|
From: Tom H. <to...@co...> - 2012-06-08 14:36:43
|
On 08/06/12 15:29, Dan Shelton wrote:
> On 8 June 2012 16:17, Tom Hughes <to...@co...> wrote:
>> On 08/06/12 15:08, Dan Shelton wrote:
>>>
>>> On 8 June 2012 15:54, Tom Hughes <to...@co...> wrote:
>>>>
>>>> On 08/06/12 14:51, Dan Shelton wrote:
>>>>>
>>>>>
>>>>> On 31 May 2012 21:27, Tom Hughes <to...@co...> wrote:
>>>>>>
>>>>>>
>>>>>> On 31/05/12 19:45, Dan Shelton wrote:
>>>>>>
>>>>>>> This bug report just came through the AT&T AST/ksh93 development list.
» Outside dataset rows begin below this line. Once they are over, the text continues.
(* If no open piece of [H] maps into a single [V s], fresh indices can
   always be found near any point; interleaving them yields [S1] and [S2]
   contradicting [borel1_interleaved_absurd]. *)
Lemma borel1_open_piece (H : set X) : closed H -> H !=set0 ->
  H `<=` f @^-1` (\bigcup_(s in setT) V s) ->
  exists s U, [/\ open U, U `&` H !=set0 & U `&` H `<=` f @^-1` V s].
Proof.
move=> cH [x0 Hx0] HV; apply: contrapT => noPiece.
have [s0 _ _] := HV x0 Hx0.
have /choice[idx idxP] x : exists s, H x -> V s (f x).
  have [Hx|] := pselect (H x); last by exists s0.
  by have [s _ Vs] := HV x Hx; exists s.
have /choice[pick pickP] (p : X * nat * seq I) : exists x, H p.1.1 ->
    [/\ H x, idx x \notin p.2 & mdist p.1.1 x < p.1.2.+1%:R^-1].
  case: p => [[c n] L]; have [Hc|] := pselect (H c); last by exists x0.
  have n0 : 0 < n.+1%:R^-1 :> R by rewrite invr_gt0.
  by have [x [Hx cx xL]] := borel1_fresh_index cH idxP noPiece L n0 Hc; exists x.
pose Q (c a : X) n : Prop := mdist c a < n.+1%:R^-1 :> R.
have pickQ c n L : H c -> [/\ H (pick (c, n, L)), idx (pick (c, n, L)) \notin L
    & Q c (pick (c, n, L)) n] by exact: pickP (c, n, L).
apply: (@borel1_interleaved_absurd idx
  (stage_points idx pick x0 true) (stage_points idx pick x0 false)).
- by exists x0; left; exists 0%N; rewrite mem_head.
- by move=> x /(closure_subset_closed cH (stage_points_sub pickQ Hx0)) /idxP.
- exact: stage_points_idx_separated pickQ Hx0.
- move=> y Sy; split; apply/closure_mballP => eps eps0;
    have [N Neps] := exists_natSinv_lt eps0;
    have [m [Nm [a S1a ya] [b S2b yb]]] := stage_points_near pickQ Hx0 N Sy;
    have Neps' : m.+1%:R^-1 <= eps by rewrite (le_trans (natSinv_le Nm))// ltW.
  + by exists a; split => //; rewrite (lt_le_trans ya).
  + by exists b; split => //; rewrite (lt_le_trans yb).
Qed.

End BorelOne.

(* Cover [f(F)] by a Stone refinement of the [e/4]-balls; by Baire some
   layer [n] contains the image of a closed piece [H] of [F], and then
   [borel1_open_piece] puts the image of an open piece of [H] in a single
   [e/4]-ball. *)
Lemma borel1_fragmentable {R : realType} {X Y : metricType R} (f : X -> Y) :
  @hereditarily_baire X -> borel1 f -> fragmentable f.
Proof.
move=> hb b1 e e0 F cF F0.
have [V [oV Vball sepV covV]] :=
  @stone_refinement R Y (e / 4) (divr_gt0 e0 (ltr0Sn _ 3)).
have dV n s t y : V n s y -> V n t y -> s = t.
  move=> Vs Vt; apply: contrapT => st.
  by have := sepV _ _ _ _ _ st Vs Vt; rewrite mdistxx ltNge ltW // invr_gt0.
have [|||n [U [oU _ UF UFV]]] := @baire_Fsigma_cover _ F setT
    (fun n => f @^-1` \bigcup_(s in setT) V n s) (hb F cF F0) openT.
- by have [x Fx] := F0; exists x.
- by move=> x [_ Fx]; have [n [s Vs]] := covV (f x); exists n => //; exists s.
- by move=> n; exact: borel1_bigcup_Fsigma b1 (oV n) setT.
have [|s [U' [oU' U'H U'V]]] :=
  borel1_open_piece hb b1 (oV n) (dV n) (@closed_closure _ (U `&` F)) _ UFV.
  by have [x UFx] := UF; exists x; apply: subset_closure.
exists (U' `&` U); split; first exact: openI.
split; first by have [y [U'y [Uy Fy]]] := open_meet_closure oU' U'H; exists y.
apply: (@le_lt_trans _ _ (e / 2)%:E); last by rewrite lte_fin; lra.
apply: diam_le => _ _ [z [[U'z Uz] Fz] <-] [z' [[U'z' Uz'] Fz'] <-].
have inU'H w : U' w -> U w -> F w -> (U' `&` closure (U `&` F)) w.
  by move=> U'w Uw Fw; split => //; apply: subset_closure.
have /U'V/Vball/= sz := inU'H _ U'z Uz Fz.
have /U'V/Vball/= sz' := inU'H _ U'z' Uz' Fz'.
by have := metric_triangle (f z) s (f z'); rewrite (metric_sym (f z) s); lra.
Qed.

Theorem theorem2p4 (R : realType) (X Y : metricType R) (f : X -> Y) :
  (weakly_separated f <-> LTZ f) /\
  (weakly_separated f -> generalized_lebesgue_property f) /\
  (fragmentable f -> borel1 f) /\
  (@hereditarily_baire X -> borel1 f -> PCP f) /\
  (@hereditarily_baire X -> weakly_separated f -> fragmentable f) /\
  (@separable X -> generalized_lebesgue_property f -> lebesgue_property f).
Proof.
split; first by split; [exact: weakly_separated_LTZ | exact: LTZ_weakly_separated].
split; first exact: weakly_separated_gen_lebesgue.
split.
  move=> /fragmentable_weakly_separated/weakly_separated_gen_lebesgue.
  exact: gen_lebesgue_borel1.
split; first by move=> hb /(borel1_fragmentable hb); exact: fragmentable_PCP.
split; first exact: weakly_separated_fragmentable.
exact: gen_lebesgue_lebesgue.
Qed.
(* Let $x,y$ be non-commuting indeterminates and $C=xyx^{-1}y^{-1}$. Let $(R_n)_{n\in\mathbb Z}$ satisfy $$R_{2n}CR_{2n-2}=1+R_{2n-1},\qquad R_{2n+1}CR_{2n-1}=1+R_{2n}^4\qquad(n\in\mathbb Z),$$ with $R_0=yxy^{-1}$ and $R_1=y$, and set $u_n=R_{2n}$. Then for every $n\ge1$, the expansion of $u_nu_{n+1}$ as a Laurent polynomial in $x,y$ with non-negative integer coefficients contains the monomial $C^{-1}=yxy^{-1}x^{-1}$ with positive coefficient.
   Context: Work in the free skew field (non-commutative rational functions) over $\mathbb C$ generated by $x,y$. For $n\ge0$, each $u_n$ is a Laurent polynomial in $x,y$ (a $\mathbb Z$-linear combination of words in $x^{\pm1},y^{\pm1}$) with non-negative integer coefficients. *)

(* The integral group ring Z[F_2] of the free group on x, y
   (the ring of non-commutative Laurent polynomials in x, y). *)
From mathcomp Require Import all_boot all_order all_algebra.
Set Implicit Arguments. Unset Strict Implicit. Unset Printing Implicit Defensive.
Import Order.TTheory GRing.Theory Num.Theory.
Local Open Scope ring_scope.

(* A letter: (g, e) with g = false for x, g = true for y; e = true means the
   inverse of the generator. *)
Definition letter := (bool * bool)%type.
Definition lx : letter := (false, false).
Definition ly : letter := (true, false).
Definition lxi : letter := (false, true).
Definition lyi : letter := (true, true).
Definition linv (a : letter) : letter := (a.1, ~~ a.2).

Definition word := seq letter.

(* free reduction of a word (stack-based), giving the reduced representative
   of the corresponding element of the free group F_2 *)
Definition push (a : letter) (r : word) : word :=
  match r with
  | b :: r' => if b == linv a then r' else a :: r
  | [::] => [:: a]
  end.
Definition reduce (w : word) : word := foldr push [::] w.
(* Let $B(x)=\sum_{n\ge 0} b(n)x^n$ be a formal power series with $b(0)\neq 0$, let $B^{\Delta}(n,k)$ be the composita of $xB(x)$ (so in particular $B^{\Delta}(1,1)=b(0)$), and let $A(x)=1/B(x)$ be the reciprocal series, i.e. $A(x)B(x)=1$. Then the composita $A^{\Delta}(n,m)$ of $xA(x)$ is, for $n\ge m\ge 1$, $$A^{\Delta}(n,m)=\begin{cases}\dfrac{1}{B^{\Delta}(1,1)^m}, & n=m,\\[6pt] \dfrac{1}{B^{\Delta}(1,1)^m}\displaystyle\sum_{k=1}^{n-m}\binom{m+k-1}{m-1}\sum_{j=1}^{k}\frac{(-1)^j}{B^{\Delta}(1,1)^j}\binom{k}{j}B^{\Delta}(n-m+j,j), & n>m.\end{cases}$$
   Context: All generating functions are formal power series in $x$. For a power series $F(x)=\sum_{n\ge 1} f(n)x^n$ with zero constant term, its composita is the two-variable function $F^{\Delta}(n,k)$ ($n\ge k\ge 1$) defined by $F^{\Delta}(n,k)=\sum_{\lambda_1+\cdots+\lambda_k=n}f(\lambda_1)f(\lambda_2)\cdots f(\lambda_k)$, where the sum runs over all compositions of $n$ into exactly $k$ positive integer parts; equivalently $[F(x)]^k=\sum_{n\ge k}F^{\Delta}(n,k)x^n$. *)

(* Formal power series over a field F are represented by
   their coefficient sequences  nat -> F. *)
From HB Require Import structures.
From mathcomp Require Import all_boot all_order all_algebra.
Set Implicit Arguments. Unset Strict Implicit. Unset Printing Implicit Defensive.
Import Order.TTheory GRing.Theory Num.Theory.
Local Open Scope ring_scope.

(* A composition is encoded as a
   finite function 'I_k -> 'I_n.+1 (each part is <= n) with all parts >= 1
   and parts summing to n.  The value f 0 is never used. *)
Definition composita (R : comRingType) (f : nat -> R) (n k : nat) : R :=
  \sum_(l : {ffun 'I_k -> 'I_n.+1}
          | [forall i, 0 < (l i : nat)]%N && ((\sum_(i < k) (l i : nat))%N == n))
    \prod_(i < k) f (l i : nat).

(* Coefficient sequence of x * B(x), given that of B(x). *)
Definition xmul (R : ringType) (b : nat -> R) : nat -> R :=
  fun n => if n is n'.+1 then b n' else 0.

From HB Require Import structures.
From mathcomp Require Import all_boot all_order all_algebra.
From mathcomp Require Import ring zify.
Set Implicit Arguments. Unset Strict Implicit. Unset Printing Implicit Defensive.
Import Order.TTheory GRing.Theory Num.Theory.
Local Open Scope ring_scope.

(* The composita of
   x F(x) is a coefficient of a power of F:  [x^n] (x F)^m = [x^(n-m)] F^m.
   Writing beta = b(0) and D = 1 - B/beta (a series without constant term),
   A^m = beta^-m (1 - D)^-m = beta^-m sum_k C(m-1+k, m-1) D^k, and expanding
   D^k = sum_j C(k,j) (-1/beta)^j B^j by the binomial theorem yields the
   formula, the coefficients of B^j being again compositae of x B(x).

   Power series are handled through polynomial truncations: equalities
   modulo x^N are expressed with take_poly N. *)

Section Truncation.
Variables (R : nzRingType) (N : nat).
Implicit Types p q : {poly R}.

Lemma take_polyMl p q : take_poly N (take_poly N p * q) = take_poly N (p * q).
Proof.
apply/polyP => i; rewrite !coef_take_poly; case: ltnP => // iN.
rewrite !coefM; apply: eq_bigr => j _.
by rewrite coef_take_poly (leq_ltn_trans _ iN) // -ltnS.
Qed.

Lemma take_polyMr p q : take_poly N (p * take_poly N q) = take_poly N (p * q).
Proof.
apply/polyP => i; rewrite !coef_take_poly; case: ltnP => // iN.
rewrite !coefM; apply: eq_bigr => j _.
by rewrite coef_take_poly (leq_ltn_trans _ iN) // leq_subr.
Qed.

Lemma take_polyXn p k : take_poly N (take_poly N p ^+ k) = take_poly N (p ^+ k).
Proof.
elim: k => [|k IHk] //.
by rewrite !exprS -take_polyMr IHk take_polyMr take_polyMl.
Qed.

Lemma coef_exp_low p k i : p`_0 = 0 -> (i < k)%N -> (p ^+ k)`_i = 0.
Proof.
move=> p0; elim: k i => [|k IHk] i // ltik.
rewrite exprS coefM big1 // => -[[|j] ltji] _ /=; first by rewrite p0 mul0r.
by rewrite IHk ?mulr0 //; lia.
Qed.

End Truncation.

(* Expanding the truncated power by distributivity
   gives one monomial per function 'I_k -> 'I_n.+1; those contributing to x^n
   with nonzero weight are exactly the compositions of n into k parts. *)
Lemma composita_coef_exp (R : comNzRingType) (f : nat -> R) (p : {poly R}) n k :
  p`_0 = 0 -> (forall i, (0 < i <= n)%N -> p`_i = f i) ->
  composita f n k = (p ^+ k)`_n.
Proof.
move=> p0 pf.
have trunc_n (q : {poly R}) : (take_poly n.+1 q)`_n = q`_n.
  by rewrite coef_take_poly ltnSn.
rewrite -trunc_n -take_polyXn trunc_n.
have monomial_prod (l : {ffun 'I_k -> 'I_n.+1}) :
    \prod_(i < k) (p`_(l i) *: 'X^(l i)) =
    (\prod_(i < k) p`_(l i)) *: 'X^(\sum_(i < k) (l i : nat)).
  by rewrite scaler_prod (big_morph _ (exprD 'X) (expr0 _)).
have -> : take_poly n.+1 p ^+ k = \prod_(i < k) \sum_(j < n.+1) p`_j *: 'X^j.
  by rewrite prodr_const card_ord /take_poly poly_def.
rewrite bigA_distr_bigA coef_sum /composita.
rewrite [RHS](bigID (fun l : {ffun 'I_k -> 'I_n.+1} =>
   [forall i, (0 < l i)%N] && ((\sum_(i < k) (l i : nat))%N == n))) /=.
rewrite [X in _ = _ + X]big1 ?addr0 => [|l].
  apply: eq_bigr => l /andP[/forallP l_pos /eqP l_sum].
  rewrite monomial_prod coefZ coefXn l_sum eqxx mulr1.
  by apply: eq_bigr => i _; rewrite pf // l_pos -ltnS ltn_ord.
rewrite monomial_prod coefZ coefXn negb_and.
case/orP => [/forallPn[i]|/negbTE l_sum]; last by rewrite eq_sym l_sum mulr0.
by rewrite -eqn0Ngt => /eqP li; rewrite (bigD1 i) //= li p0 !mul0r.
Qed.

Lemma composita_xmul (R : comNzRingType) (f : nat -> R) (P : {poly R}) n j :
  (j <= n)%N -> (forall i, (i < n)%N -> P`_i = f i) ->
  composita (xmul f) n j = (P ^+ j)`_(n - j).
Proof.
move=> le_jn Pf.
rewrite (@composita_coef_exp _ _ ('X * P)) ?coefXM //.
  by rewrite exprMn coefXnM ltnNge le_jn.
by move=> [|i] //= lt_in; rewrite coefXM Pf.
Qed.

(* The truncated negative binomial series  G_m = sum_(k<N) C(m+k,m) D^k
   inverts (1 - D)^(m+1) up to a multiple of D^N, in any commutative ring. *)
Section NegativeBinomialSeries.
Variables (R : comPzRingType) (D : R) (N : nat).

Definition neg_binomial_sum m := \sum_(0 <= k < N) 'C(m + k, m)%:R * D ^+ k.

Lemma neg_binomial_sum0 : (1 - D) * neg_binomial_sum 0 = 1 - D ^+ N.
Proof.
have := telescope_sumr (fun k => D ^+ k) (leq0n N); rewrite expr0 => telescope.
rewrite -[RHS]opprB -telescope -sumrN mulrBl mul1r mulr_sumr -sumrB.
by apply: eq_big_nat => k _; rewrite bin0 mul1r exprS opprB.
Qed.

(* Pascal's rule C(m+1+k, m+1) = C(m+k, m+1) + C(m+k, m) turns the product
   (1 - D) G_(m+1) into G_m plus a telescoping sum. *)
Lemma neg_binomial_sumS m :
  (1 - D) * neg_binomial_sum m.+1 = neg_binomial_sum m - 'C(m + N, m.+1)%:R * D ^+ N.
Proof.
pose f k := 'C(m + k, m.+1)%:R * D ^+ k.
have -> : (1 - D) * neg_binomial_sum m.+1 =
    \sum_(0 <= k < N) ('C(m + k, m)%:R * D ^+ k - (f k.+1 - f k)).
  rewrite mulrBl mul1r mulr_sumr -sumrB; apply: eq_big_nat => k _.
  by rewrite /f addSn addnS binS natrD exprS; ring.
by rewrite big_split /= sumrN telescope_sumr // /f addn0 (bin_small (ltnSn m)) mul0r subr0.
Qed.

Lemma neg_binomial_sum_inverse m :
  exists r, (1 - D) ^+ m.+1 * neg_binomial_sum m = 1 + D ^+ N * r.
Proof.
elim: m => [|m [r IHm]]; first by exists (-1); rewrite expr1 neg_binomial_sum0 mulrN1.
exists (r - 'C(m + N, m.+1)%:R * (1 - D) ^+ m.+1).
by rewrite exprSr -mulrA neg_binomial_sumS mulrBr IHm; ring.
Qed.

End NegativeBinomialSeries.

Lemma coef_binomial_exp (R : comNzRingType) (u : R) (p : {poly R}) k c :
  (0 < c)%N ->
  ((1 - u *: p) ^+ k)`_c = \sum_(1 <= j < k.+1) (- u) ^+ j * 'C(k, j)%:R * (p ^+ j)`_c.
Proof.
move=> c_gt0; rewrite -scaleNr exprDn coef_sum big_ord_recl big_add1 /= big_mkord.
rewrite expr0 mulr1 bin0 subn0 expr1n coefMn coef1 gtn_eqF // mul0rn add0r.
apply: eq_bigr => j _; rewrite /bump /= add1n.
by rewrite expr1n mul1r exprZn coefMn coefZ mulr_natr mulrnAl.
Qed.

Section ReciprocalPowers.
Variables (F : fieldType) (N : nat) (A B : {poly F}).
Hypothesis AB1 : take_poly N (A * B) = take_poly N 1.
Hypothesis B0 : B`_0 != 0.
Let beta := B`_0.
Let D : {poly F} := 1 - beta^-1 *: B.

Lemma D_coef0 : D`_0 = 0.
Proof. by rewrite coefB coefZ coef1 mulVf // subrr. Qed.

(* A^(m+1) = A^(m+1) (1 - D)^(m+1) G_m = beta^-(m+1) G_m (A B)^(m+1)
   = beta^-(m+1) G_m  modulo x^N. *)
Lemma take_poly_exp_reciprocal m :
  take_poly N (A ^+ m.+1) = take_poly N ((beta ^- m.+1)%:P * neg_binomial_sum D N m).
Proof.
have [r inverse] := neg_binomial_sum_inverse D N m.
have DN : take_poly N (D ^+ N) = 0.
  apply/polyP => i; rewrite coef_take_poly coef0.
  by case: ifP => // /(coef_exp_low D_coef0) ->.
have inverse_trunc :
    take_poly N ((1 - D) ^+ m.+1 * neg_binomial_sum D N m) = take_poly N 1.
  by rewrite inverse take_polyD -take_polyMl DN mul0r take_poly0r addr0.
have AB_exp : take_poly N ((A * B) ^+ m.+1) = take_poly N 1.
  by rewrite -take_polyXn AB1 take_polyXn expr1n.
rewrite -[A ^+ _]mulr1 -take_polyMr -inverse_trunc take_polyMr.
have -> : A ^+ m.+1 * ((1 - D) ^+ m.+1 * neg_binomial_sum D N m) =
    (beta ^- m.+1)%:P * neg_binomial_sum D N m * (A * B) ^+ m.+1.
  by rewrite /D opprB addrC subrK exprZn exprVn -mul_polyC exprMn; ring.
by rewrite -take_polyMr AB_exp take_polyMr mulr1.
Qed.

(* Coefficient c of A^(m+1): only the terms D^k with k <= c contribute. *)
Lemma coef_exp_reciprocal_sum m c : (c < N)%N ->
  (A ^+ m.+1)`_c = beta ^- m.+1 * \sum_(0 <= k < c.+1) 'C(m + k, m)%:R * (D ^+ k)`_c.
Proof.
move=> lt_cN.
have := congr1 (fun p : {poly F} => p`_c) (take_poly_exp_reciprocal m).
rewrite /= !coef_take_poly lt_cN => ->; rewrite coefCM coef_sum.
rewrite (big_cat_nat _ (n := c.+1)) //= [X in _ + X]big1_seq ?addr0.
  by congr (_ * _); apply: eq_big_nat => k _; rewrite mulr_natl coefMn mulr_natl.
move=> k /andP[_]; rewrite mem_index_iota => /andP[lt_ck _].
by rewrite mulr_natl coefMn coef_exp_low ?mul0rn // D_coef0.
Qed.

Lemma coef0_exp_reciprocal m : (0 < N)%N -> (A ^+ m.+1)`_0 = beta ^- m.+1.
Proof.
move=> N_gt0; rewrite coef_exp_reciprocal_sum // big_nat1 addn0 binn.
by rewrite expr0 coef1 eqxx !mulr1.
Qed.

Lemma coef_exp_reciprocal m c : (0 < c < N)%N ->
  (A ^+ m.+1)`_c = beta ^- m.+1 * \sum_(1 <= k < c.+1) 'C(m + k, m)%:R *
    \sum_(1 <= j < k.+1) (- beta^-1) ^+ j * 'C(k, j)%:R * (B ^+ j)`_c.
Proof.
case/andP=> c_gt0 lt_cN; rewrite coef_exp_reciprocal_sum // big_ltn //.
rewrite expr0 coef1 gtn_eqF // mulr0 add0r; congr (_ * _).
by apply: eq_big_nat => k _; rewrite coef_binomial_exp.
Qed.

End ReciprocalPowers.

Lemma take_poly_series_reciprocal (R : nzRingType) (a b : nat -> R) N :
  (forall n, \sum_(i < n.+1) a i * b (n - i)%N = (n == 0%N)%:R) ->
  take_poly N (\poly_(i < N) a i * \poly_(i < N) b i) = take_poly N 1.
Proof.
move=> ab_inverse; apply/polyP => i; rewrite !coef_take_poly coefM coef1.
case: ifP => // lt_iN; rewrite -ab_inverse; apply: eq_bigr => -[j /= le_ji] _.
by rewrite !coef_poly !ifT //; lia.
Qed.

(* Main theorem: with A = 1/B, truncate both series at degree 2n (enough
   for all coefficients involved), translate every composita into a
   coefficient of a power via composita_xmul, and apply the two
   coefficient formulas for powers of the reciprocal. *)
Theorem theorem2 (F : fieldType) (b a : nat -> F) :
  b 0%N != 0 ->
  (forall n : nat, \sum_(i < n.+1) a i * b (n - i)%N = (n == 0%N)%:R) ->
  forall n m : nat, (1 <= m)%N -> (m <= n)%N ->
  composita (xmul a) n m =
    if n == m then 1 / composita (xmul b) 1 1 ^+ m
    else 1 / composita (xmul b) 1 1 ^+ m *
      \sum_(1 <= k < (n - m).+1)
        'C(m + k - 1, m - 1)%:R *
        \sum_(1 <= j < k.+1)
          (-1) ^+ j / composita (xmul b) 1 1 ^+ j * 'C(k, j)%:R *
          composita (xmul b) (n - m + j) j.
Proof.
move=> b0_neq0 ab_inverse n [//|m] _ le_mn.
pose N := (n + n)%N; pose PA := \poly_(i < N) a i; pose PB := \poly_(i < N) b i.
have PA_coef i : (i < N)%N -> PA`_i = a i by rewrite coef_poly => ->.
have PB_coef i : (i < N)%N -> PB`_i = b i by rewrite coef_poly => ->.
have PAB1 : take_poly N (PA * PB) = take_poly N 1 by apply: take_poly_series_reciprocal.
have PB0 : PB`_0 != 0 by rewrite PB_coef //; lia.
have beta_eq : composita (xmul b) 1 1 = PB`_0.
  by rewrite (composita_xmul (P := PB)) // => i lt_i1; rewrite PB_coef //; lia.
rewrite beta_eq div1r (composita_xmul (P := PA)) // => [|i lt_in]; last first.
  by rewrite PA_coef //; lia.
case: eqP => [->|/eqP ne_nm].
  by rewrite subnn (coef0_exp_reciprocal PAB1 PB0) //; lia.
rewrite (coef_exp_reciprocal PAB1 PB0); last by lia.
congr (_ * _); apply: eq_big_nat => k /andP[_ le_kc].
rewrite addSn subn1 /= subn1 /=; congr (_ * _); apply: eq_big_nat => j /andP[_ le_jk].
rewrite (composita_xmul (P := PB)) ?leq_addl // => [|i lt_i]; last first.
  by rewrite PB_coef //; lia.
by rewrite addnK [in LHS]exprNn exprVn.
Qed.
(* The [maxn 1] guards make zero entries and singular matrices contribute the factor 1. *)
Definition frame_modulus : nat :=
  \prod_(i : I) (maxn 1 (Z.abs_nat (det (M i))) * \prod_(j : Sigma) \prod_(k : Sigma) maxn 1 (M i k j)).

Lemma dvdn_prod_factor (T : finType) (F : T -> nat) t : F t %| \prod_(s : T) F s.
Proof. by rewrite (bigD1 t) //= dvdn_mulr. Qed.

Lemma frame_modulus_gt0 : 0 < frame_modulus.
Proof.
apply: prodn_gt0 => i; rewrite muln_gt0 leq_max leqnn /=.
by apply: prodn_gt0 => j; apply: prodn_gt0 => k; rewrite leq_max leqnn.
Qed.

Lemma entry_dvd_frame_modulus i j k : M i k j <> 0 -> M i k j %| frame_modulus.
Proof.
move=> nz; have -> : M i k j = maxn 1 (M i k j) by apply/esym/maxn_idPr; lia.
apply: dvdn_trans (dvdn_prod_factor (fun k => maxn 1 (M i k j)) k) _.
apply: dvdn_trans (dvdn_prod_factor (fun j => \prod_(k : Sigma) maxn 1 (M i k j)) j) _.
exact: dvdn_trans (dvdn_mull _ (dvdnn _)) (dvdn_prod_factor _ i).
Qed.

Lemma det_dvd_frame_modulus i : (det (M i) <> 0 -> (det (M i) | Z.of_nat frame_modulus))%Z.
Proof.
move=> nz; apply/Z.divide_abs_l; rewrite -Nat2Z.inj_abs_nat.
have /dvdnP [q ->] : Z.abs_nat (det (M i)) %| frame_modulus.
  have -> : Z.abs_nat (det (M i)) = maxn 1 (Z.abs_nat (det (M i))) by apply/esym/maxn_idPr; lia.
  exact: dvdn_trans (dvdn_mulr _ (dvdnn _)) (dvdn_prod_factor _ i).
by exists (Z.of_nat q); lia.
Qed.
(* Let $J\subset R$ be a graded ideal with $\sigma(J)\subset J$ such that $J$ is generated, as an ideal, by $\bigcup_{k\ge0}\sigma^k\big(\bigoplus_{d\ge0}J(d)_d\big)$, where $J(d)=J\cap R(d)$. Then there exists a unique graded two-sided ideal $I\subset F$ with $J=L(I)$.
   Context: Let $\mathbb K$ be a field and $F=\mathbb K\langle x_1,\dots,x_n\rangle$ with standard grading. Let $P=\mathbb K[x_{ij}\mid 1\le i\le n,\ j\ge1]$ with $\deg x_{ij}=1$, $Q$ the ideal generated by all $x_{ij}x_{kj}$, $R=P/Q$, $\sigma:R\to R$ the algebra endomorphism $x_{ij}\mapsto x_{i,j+1}$, and $\iota:F\to R$ the $\mathbb K$-linear map $x_{i_1}\cdots x_{i_d}\mapsto x_{i_11}x_{i_22}\cdots x_{i_dd}$. $R(d)$ is the subalgebra of $R$ generated by the $x_{ij}$ with $j\le d$. For a graded two-sided ideal $I\subset F$, $L(I)$ is the ideal of $R$ generated by $\bigcup_{k\ge0}\sigma^k(\iota(I))$. *)

From HB Require Import structures.
From mathcomp Require Import all_boot all_order all_algebra.
Set Implicit Arguments. Unset Strict Implicit. Unset Printing Implicit Defensive.
Import GRing.Theory.
Local Open Scope ring_scope.

Section Defs.
Variables (K : fieldType) (n : nat).

(* A word x_{i_1}...x_{i_d} is the sequence [:: i_1; ...; i_d] (variables
   indexed by 'I_n).  Elements are coefficient functions word -> K; the
   polynomials are the finitely supported ones. *)
Definition word := seq 'I_n.
Definition Fser := word -> K.
Definition F_finsupp (f : Fser) : Prop :=
  exists s : seq word, forall w, f w != 0 -> w \in s.
Definition Fzero : Fser := fun _ => 0.
Definition Fadd (f g : Fser) : Fser := fun w => f w + g w.
Definition Fmul (f g : Fser) : Fser :=
  fun w => \sum_(i < (size w).+1) f (take i w) * g (drop i w).
Definition Fhcomp (d : nat) (f : Fser) : Fser :=
  fun w => if size w == d then f w else 0.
>>>>>>> Can someone confirm that this is a bug, please?
>>>>>>
>>>>>>
>>>>>>
>>>>>>
>>>>>> Well it's not a bug as such more a limitation of the way that
>>>>>> exp-sgcheck
>>>>>> works - there's a reason it's experimental.
>>>>>>
>>>>>> Basically exp-sgcheck assumes that once a pointer has been used to
>>>>>> access
>>>>>> one array it will always access the same array until the end of the
>>>>>> current
>>>>>> function.
>>>>>
>>>>>
>>>>>
>>>>> Is it possible to change that so that functions with variable number
>>>>> of arguments like sprintf work as expected?
>>>>
>>>>
>>>>
>>>> It's nothing to do with having a variable number of arguments, you could
>>>> get
>>>> exactly the same warning with a fixed number of arguments if you wrote a
>>>> function like this:
>>>>
>>>> void foo(char *a, char *b)
>>>> {
>>>> char *p;
>>>>
>>>> for (p = a; *p; p++)
>>>> {
>>>> ...
>>>> }
>>>>
>>>> for (p = b; *p; p++)
>>>> {
>>>> ...
>>>> }
>>>> }
>>>>
>>>> The problem is the reuse of a variable (p in this example) to access
>>>> different arrays.
>>>
>>>
>>> It can't get an option to always check the pointer for every access?
>>
>>
>> It does check it! That's the problem...
>>
>> My example above actually might work, depending on exactly what the compiler
>> does, but it is easy to construct a variant that will fail.
>>
>> The details of how sgcheck works can be found here:
>>
>> http://valgrind.org/docs/manual/sg-manual.html#sg-manual.how-works.sg-checks
>>
>> but basically, the first time an instruction is executed we remember which
>> array it accessed and then expect it to access the same array in future,
>> until the function ends anyway.
>>
>> So if the compile realised those two loops were the same and merged them
>> that code would fail - a version which had two nested loops and used p in
>> the inner loop to point to different arrays selected by the outer loop would
>> always fail.
>
> So basically you say: As soon as the compiler optimises we're doomed?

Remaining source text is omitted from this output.